Verwijderen: Schuif de mand uit tot aan de stop, til de voorzijde over de stop en schuif de mand verder uit.

Zorg ervoor dat u de manden helemaal naar achteren duwt alvorens de deur te sluiten.

WAARSCHUWING: Indien u in het diepvriesgedeelte geen mandjes gebruikt, kunt u slechtere resultaten krijgen. Wanneer in het diepvriesgedeelte voeding wordt opgeslagen zonder dat mandjes worden gebruikt, is het mogelijk dat de vereiste temperaturen niet worden bereikt omdat in het vriesvak de luchtstroom wordt belemmerd.

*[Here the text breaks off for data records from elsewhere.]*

Lemma small_blocksP k s : 0 < k ->
  (exists bs, block_decomp s bs /\ \max_(b <- bs) size b < k) <-> factors_split k s.
Proof.
move=> k_gt0; split=> [[bs [[fl _ _ pw] small]] | fs].
  move=> t /infixP[p [q E]] kt; rewrite -fl in E; apply: (long_factor_splits pw E).
    by rewrite -size_eq0 -lt0n (leq_trans k_gt0).
  by move=> b bbs; apply: leq_trans kt; apply: leq_ltn_trans small; apply: leq_bigmax_seq.
have [bs [fl ne indec pw]] := block_decomp_exists s; exists bs; split => //.
rewrite -(prednK k_gt0) ltnS; apply/bigmax_leqP_seq => b bbs _.
rewrite -ltnS prednK // ltnNge; apply/negP => kb.
have := fs b; rewrite -fl infix_flatten // => /(_ isT kb).
by rewrite (allP indec).
Qed.

Lemma factors_split_infix k s t : infix t s -> factors_split k s -> factors_split k t.
Proof. by move=> ts fs u ut; apply: fs; apply: infix_trans ut ts. Qed.

Lemma factors_split_small k s : size s < k -> factors_split k s.
Proof.
move=> sk t /infixW/size_subseq ts kt.
by have := leq_trans kt ts; rewrite leqNgt sk.
Qed.

End BlockDecomposition.

Lemma splits_at_map r (T : Type) (F : T -> nat) t i :
  splits_at r (map F t) i = allrel (fun x y => r (F x) (F y)) (take i t) (drop i t).
Proof. by rewrite /splits_at -map_take -map_drop allrel_mapl allrel_mapr. Qed.

Section BlockRelabel.
Variables (r : rel nat) (T : eqType) (F F' : T -> nat).
Hypothesis eqF : forall x y, r (F x) (F y) = r (F' x) (F' y).

Lemma indecomposable_relabel t :
  indecomposable r (map F t) = indecomposable r (map F' t).
Proof.
rewrite -[LHS]negbK -[RHS]negbK; congr negb.
apply/(indecomposablePn r)/(indecomposablePn r) => -[i];
  rewrite !size_map splits_at_map ?(eq_allrel eqF) => ilt si;
  by exists i; rewrite ?size_map ?splits_at_map ?(eq_allrel eqF).
Qed.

Uitschuifbare rekken in vriesvak

Verwijderen: Schuif het rek uit tot aan de stop, til de voorzijde over de stop en schuif het rek verder uit.

Zorg ervoor dat u de rekken helemaal naar achteren duwt alvorens de deur te sluiten.

Vaste rekken in vriesvak

Er zijn twee soorten vaste rekken in het vriesvak.

Verwijderen van dit soort rek:

Til de linker kant van het rek op. Trek het rek eruit.

Verwijderen van dit soort rek:

Til de linkerkant van het rek op en laat het links naar het midden van het rek gaan.

Draai de rechterkant van het rek omhoog en neem het uit de steunen.

224

Page 224
Image 224
GE 21, 23, 25, 27, 29 Verdeling Manden in diepvriesgedeelte, Manden in vriesvak, Uitschuifbare rekken in vriesvak

21, 23, 25, 27, 29 specifications

The GE 21, 23, 25, 27, and 29 series of locomotives represent a significant evolution in diesel-electric technology, showcasing General Electric's commitment to innovation and performance in the rail industry. These models, produced from the late 20th century to the early 21st century, are designed to meet a variety of operational needs.

The GE 21, introduced in the early 1990s, was notable for its efficiency and reliability. It utilized a 12-cylinder engine coupled with GE's innovative software systems, allowing for enhanced fuel economy and lower emissions. The locomotive's modular design enabled easy maintenance, which was a significant advantage for rail operators looking to minimize downtime.

Moving to the GE 23, this model offered increased power and improved traction systems, reflecting the industry's demand for stronger and faster trains. With an upgraded traction control system, the GE 23 provided better performance on challenging grades and under various load conditions. Its spacious cab and ergonomic controls also emphasized operator comfort and productivity.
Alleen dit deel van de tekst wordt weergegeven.